I think the former makes more sense, and is also more robust.

First see above, since test only needs to be called at the first common
entry into the printing system it is no less robust.

Second, while allowing an error to propogate through the code, there are
many more places that it could fail. Allowing a NULL printer value not
only creates problems in the actual printer handling code but could cause
issues where the program has to decide what output to send to the printer
etc.

In my model, it is illegal to call print handling code if the printer is
not valid in the first place. This would be enforced by assertions to make
sure the code is never used in this way. Since the code is never even
called for an invalid printer, there is no way that any piece of code which
was not properly designed to handle the missing printer could cause any
issues. I call this more robust.

That it might be, but it is easy to imagine a case where the
simplest thing to do is to merge the cases since "no printer exists"
is clearly very much like errors a printer could have.

The simplest thing to do isn't always the best thing to do.

It might be, but if the handling for error conditions is reasonably elaborate,
being able to route both cases through a single hunk of code may be easier
to maintain. Minimize special cases early and often!
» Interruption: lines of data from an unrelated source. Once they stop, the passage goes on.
(* Let $N\ge 2$ and let $\mathbf{g}=\mathbf{1}_{[0,W-1]}\in\mathbb{R}^N$ be the rectangular window ($\mathbf{g}[n]=1$ for $0\le n\le W-1$, $\mathbf{g}[n]=0$ for $W\le n\le N-1$). Suppose (1) $N/2<W<N$, and (2) $N$ is coprime to each of the integers $2W-N,2W-N+1,\dots,W$ (which holds in particular if $N$ is prime). Then for every $\mathbf{x}\in\mathbb{C}^N$, the LS Algorithm described in the context, applied to the noise-free STFT magnitude $|\mathbf{X}[m,k]|^2$ of $\mathbf{x}$ with this window and $L=1$, outputs $e^{i\phi}\mathbf{x}$ for some $\phi\in\mathbb{R}$.
   Context: Signals and windows are indexed by $\{0,\dots,N-1\}$ and extended $N$-periodically. The STFT of $\mathbf{x}\in\mathbb{C}^N$ with window $\mathbf{g}$ and step $L=1$ is $\mathbf{X}[m,k]=\sum_{n=0}^{N-1}\mathbf{x}[n]\mathbf{g}[m-n]e^{-2\pi i kn/N}$ for $m,k=0,\dots,N-1$. The DFT of $\mathbf{v}\in\mathbb{C}^N$ is $(\mathbf{F}\mathbf{v})[k]=\sum_n \mathbf{v}[n]e^{-2\pi i kn/N}$. For $\mathbf{M}\in\mathbb{C}^{N\times N}$, $\mathrm{diag}(\mathbf{M},\ell)$ is the vector $(\mathbf{M}_{i,(i+\ell)\bmod N})_{i=0}^{N-1}$. LS Algorithm: given $\mathbf{Y}[m,k]$, (1) compute $\mathbf{Z}[m,\ell]=\sum_{k=0}^{N-1}\mathbf{Y}[m,k]e^{-2\pi i k\ell/N}$ and $\mathbf{z}_\ell=(\mathbf{Z}[m,\ell])_{m}$; (2) for each $\ell=0,\dots,N-1$ compute $\mathbf{x}_\ell=\frac1N\mathbf{G}_\ell^{-1}\mathbf{z}_\ell$, where $\mathbf{G}_\ell$ is the $N\times N$ circulant matrix with first column $(\mathbf{g}[m]\overline{\mathbf{g}[(m-\ell)\bmod N]})_{m=0}^{N-1}$ (computed via the DFT diagonalization of $\mathbf{G}_\ell$); (3) form $\mathbf{X}$ with $\mathrm{diag}(\mathbf{X},\ell)=\mathbf{x}_\ell$ for all $\ell$; (4) output $\sqrt{\lambda_{\max}}u_{\max}$, with $\lambda_{\max}$ the largest eigenvalue of $\mathbf{X}$ and $u_{\max}$ an associated unit eigenvector. *)

From HB Require Import structures.
From mathcomp Require Import all_boot all_order all_algebra.
From mathcomp Require Import complex.
From mathcomp Require Import reals trigo.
Congratulations, this is the first decent argument that I have seen used in
this sub-thread. I do however disagree that this is a problem.

1. I would not even enounter this problem because I have made sure this
incident never arises as in my model, this code never would have
been called.

2. I don't think this really adds any significant complication and omits
the "special case" far earlier so that the same bit of code is not
complicated in having to use a value in two different ways.